(ENTRIES PROVIDED)
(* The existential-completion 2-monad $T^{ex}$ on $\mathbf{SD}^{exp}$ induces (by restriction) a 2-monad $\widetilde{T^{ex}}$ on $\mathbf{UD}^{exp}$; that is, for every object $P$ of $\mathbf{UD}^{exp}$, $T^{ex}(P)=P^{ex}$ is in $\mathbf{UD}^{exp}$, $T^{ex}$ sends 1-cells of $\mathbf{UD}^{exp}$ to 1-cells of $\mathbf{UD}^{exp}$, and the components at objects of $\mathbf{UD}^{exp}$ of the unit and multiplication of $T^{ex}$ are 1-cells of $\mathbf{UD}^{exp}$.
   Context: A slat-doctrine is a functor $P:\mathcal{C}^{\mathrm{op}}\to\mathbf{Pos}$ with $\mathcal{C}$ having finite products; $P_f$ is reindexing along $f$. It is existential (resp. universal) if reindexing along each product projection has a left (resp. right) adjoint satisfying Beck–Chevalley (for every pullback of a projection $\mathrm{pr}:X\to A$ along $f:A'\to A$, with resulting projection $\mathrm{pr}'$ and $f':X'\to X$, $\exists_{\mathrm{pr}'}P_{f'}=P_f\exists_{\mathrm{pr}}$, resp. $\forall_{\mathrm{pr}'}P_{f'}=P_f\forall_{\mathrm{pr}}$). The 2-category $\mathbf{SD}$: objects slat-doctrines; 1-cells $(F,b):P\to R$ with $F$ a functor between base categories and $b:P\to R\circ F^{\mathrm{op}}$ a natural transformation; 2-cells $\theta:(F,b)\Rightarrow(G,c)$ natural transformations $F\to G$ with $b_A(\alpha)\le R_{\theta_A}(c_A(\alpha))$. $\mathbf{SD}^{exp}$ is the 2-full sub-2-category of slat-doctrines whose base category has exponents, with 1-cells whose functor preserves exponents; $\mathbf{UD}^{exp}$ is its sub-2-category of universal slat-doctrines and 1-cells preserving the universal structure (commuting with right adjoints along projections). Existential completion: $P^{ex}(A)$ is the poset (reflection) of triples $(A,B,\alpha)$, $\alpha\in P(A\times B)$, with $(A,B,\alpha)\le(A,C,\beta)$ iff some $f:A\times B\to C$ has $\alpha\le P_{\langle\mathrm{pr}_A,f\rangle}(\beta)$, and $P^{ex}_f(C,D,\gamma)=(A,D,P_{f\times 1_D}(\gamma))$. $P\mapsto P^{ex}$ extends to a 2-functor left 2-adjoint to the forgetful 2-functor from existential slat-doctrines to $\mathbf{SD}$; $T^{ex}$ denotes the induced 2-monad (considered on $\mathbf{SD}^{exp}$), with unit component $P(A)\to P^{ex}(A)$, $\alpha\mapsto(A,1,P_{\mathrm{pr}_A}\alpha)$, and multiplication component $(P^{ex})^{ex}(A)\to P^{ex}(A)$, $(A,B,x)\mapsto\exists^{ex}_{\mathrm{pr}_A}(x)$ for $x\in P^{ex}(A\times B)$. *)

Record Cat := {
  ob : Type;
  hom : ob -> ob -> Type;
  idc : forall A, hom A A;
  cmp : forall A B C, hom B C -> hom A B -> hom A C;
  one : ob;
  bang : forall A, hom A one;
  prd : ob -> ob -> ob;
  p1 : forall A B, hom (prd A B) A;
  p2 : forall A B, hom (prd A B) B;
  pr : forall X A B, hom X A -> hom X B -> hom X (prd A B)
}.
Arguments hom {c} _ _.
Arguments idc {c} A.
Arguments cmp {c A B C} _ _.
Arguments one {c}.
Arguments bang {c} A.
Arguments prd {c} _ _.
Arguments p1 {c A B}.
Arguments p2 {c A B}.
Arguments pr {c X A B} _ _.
==
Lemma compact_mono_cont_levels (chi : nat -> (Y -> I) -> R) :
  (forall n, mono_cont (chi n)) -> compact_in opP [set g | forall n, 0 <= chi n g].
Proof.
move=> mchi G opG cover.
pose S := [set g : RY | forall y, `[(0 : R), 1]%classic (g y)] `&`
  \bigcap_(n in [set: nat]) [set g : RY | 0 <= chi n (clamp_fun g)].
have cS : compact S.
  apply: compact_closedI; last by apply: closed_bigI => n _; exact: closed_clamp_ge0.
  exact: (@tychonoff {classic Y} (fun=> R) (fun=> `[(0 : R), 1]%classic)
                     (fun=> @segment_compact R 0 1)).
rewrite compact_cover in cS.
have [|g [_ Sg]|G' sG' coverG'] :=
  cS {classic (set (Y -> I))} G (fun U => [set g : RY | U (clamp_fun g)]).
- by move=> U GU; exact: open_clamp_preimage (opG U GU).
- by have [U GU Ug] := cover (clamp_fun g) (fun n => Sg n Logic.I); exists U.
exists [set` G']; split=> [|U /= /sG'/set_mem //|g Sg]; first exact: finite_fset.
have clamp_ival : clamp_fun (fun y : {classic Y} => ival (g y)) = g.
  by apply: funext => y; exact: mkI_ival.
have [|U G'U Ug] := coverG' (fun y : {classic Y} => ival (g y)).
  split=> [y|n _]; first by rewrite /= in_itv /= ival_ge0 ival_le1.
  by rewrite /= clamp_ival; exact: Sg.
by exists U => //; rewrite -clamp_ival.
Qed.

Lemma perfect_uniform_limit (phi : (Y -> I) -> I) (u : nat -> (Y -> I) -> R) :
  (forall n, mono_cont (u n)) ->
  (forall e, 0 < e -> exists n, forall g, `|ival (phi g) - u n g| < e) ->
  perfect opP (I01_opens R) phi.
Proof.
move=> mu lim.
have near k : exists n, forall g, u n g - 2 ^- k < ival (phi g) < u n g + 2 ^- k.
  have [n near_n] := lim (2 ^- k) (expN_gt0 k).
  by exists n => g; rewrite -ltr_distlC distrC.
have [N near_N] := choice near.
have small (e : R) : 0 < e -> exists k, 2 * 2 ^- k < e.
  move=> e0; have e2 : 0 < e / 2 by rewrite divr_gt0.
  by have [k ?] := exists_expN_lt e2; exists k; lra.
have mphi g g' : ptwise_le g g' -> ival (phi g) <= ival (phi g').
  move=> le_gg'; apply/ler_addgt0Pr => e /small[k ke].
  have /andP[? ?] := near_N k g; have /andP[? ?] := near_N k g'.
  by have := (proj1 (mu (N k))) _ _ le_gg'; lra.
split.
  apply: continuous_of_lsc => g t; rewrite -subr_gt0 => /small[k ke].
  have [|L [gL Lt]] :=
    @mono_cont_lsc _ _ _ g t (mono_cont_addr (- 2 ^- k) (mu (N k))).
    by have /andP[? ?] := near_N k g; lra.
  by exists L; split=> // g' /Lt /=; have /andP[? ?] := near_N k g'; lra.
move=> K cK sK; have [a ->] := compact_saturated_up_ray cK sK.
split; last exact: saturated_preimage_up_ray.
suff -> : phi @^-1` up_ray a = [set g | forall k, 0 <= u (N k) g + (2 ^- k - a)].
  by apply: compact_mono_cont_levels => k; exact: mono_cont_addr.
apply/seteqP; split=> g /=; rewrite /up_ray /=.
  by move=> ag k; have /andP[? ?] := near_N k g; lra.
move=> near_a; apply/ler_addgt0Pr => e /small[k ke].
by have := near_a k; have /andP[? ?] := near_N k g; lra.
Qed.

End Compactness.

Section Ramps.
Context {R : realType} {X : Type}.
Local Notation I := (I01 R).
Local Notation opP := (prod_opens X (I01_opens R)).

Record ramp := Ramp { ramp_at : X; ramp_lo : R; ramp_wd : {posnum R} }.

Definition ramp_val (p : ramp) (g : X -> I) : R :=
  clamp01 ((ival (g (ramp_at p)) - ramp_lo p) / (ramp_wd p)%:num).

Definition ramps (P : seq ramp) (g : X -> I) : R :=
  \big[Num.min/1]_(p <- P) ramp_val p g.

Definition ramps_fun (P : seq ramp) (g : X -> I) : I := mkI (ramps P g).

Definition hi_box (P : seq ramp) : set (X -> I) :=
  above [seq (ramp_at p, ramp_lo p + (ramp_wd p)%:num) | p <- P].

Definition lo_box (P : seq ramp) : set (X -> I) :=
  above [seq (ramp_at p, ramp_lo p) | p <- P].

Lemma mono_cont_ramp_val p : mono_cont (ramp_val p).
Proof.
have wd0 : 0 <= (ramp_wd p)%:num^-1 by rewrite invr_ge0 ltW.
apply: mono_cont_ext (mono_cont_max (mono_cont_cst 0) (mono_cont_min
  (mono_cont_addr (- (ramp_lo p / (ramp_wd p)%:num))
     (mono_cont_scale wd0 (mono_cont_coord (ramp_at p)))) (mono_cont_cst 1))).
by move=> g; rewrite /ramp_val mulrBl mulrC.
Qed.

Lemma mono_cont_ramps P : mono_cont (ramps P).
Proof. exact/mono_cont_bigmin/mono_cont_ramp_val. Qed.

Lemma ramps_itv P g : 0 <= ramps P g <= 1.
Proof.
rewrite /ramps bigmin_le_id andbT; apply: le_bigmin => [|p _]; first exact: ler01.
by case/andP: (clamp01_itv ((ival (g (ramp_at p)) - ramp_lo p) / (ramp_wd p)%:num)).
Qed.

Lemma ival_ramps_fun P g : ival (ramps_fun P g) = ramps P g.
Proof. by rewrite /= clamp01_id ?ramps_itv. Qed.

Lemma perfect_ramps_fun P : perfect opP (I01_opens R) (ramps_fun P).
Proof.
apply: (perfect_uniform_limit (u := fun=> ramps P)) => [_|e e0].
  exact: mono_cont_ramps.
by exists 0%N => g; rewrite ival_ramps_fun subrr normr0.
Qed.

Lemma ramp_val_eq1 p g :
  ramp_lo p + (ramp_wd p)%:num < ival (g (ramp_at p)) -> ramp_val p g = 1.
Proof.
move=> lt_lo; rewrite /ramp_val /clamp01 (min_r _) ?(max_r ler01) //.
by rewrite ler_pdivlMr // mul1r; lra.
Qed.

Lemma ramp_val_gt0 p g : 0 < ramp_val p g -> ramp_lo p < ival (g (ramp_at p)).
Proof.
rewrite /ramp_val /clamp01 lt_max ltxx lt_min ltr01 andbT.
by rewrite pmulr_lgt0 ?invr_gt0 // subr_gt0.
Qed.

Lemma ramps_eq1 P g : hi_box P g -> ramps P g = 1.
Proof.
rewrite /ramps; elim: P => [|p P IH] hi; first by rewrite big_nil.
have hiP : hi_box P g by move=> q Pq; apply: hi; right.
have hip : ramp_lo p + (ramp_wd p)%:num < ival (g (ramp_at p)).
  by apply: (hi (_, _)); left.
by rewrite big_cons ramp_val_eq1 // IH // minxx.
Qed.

(THE TASK) Could you state the number of lines above in which the word "split" appears? Give that number by itself.

(SOLUTION FOR THIS PROBLEM) 6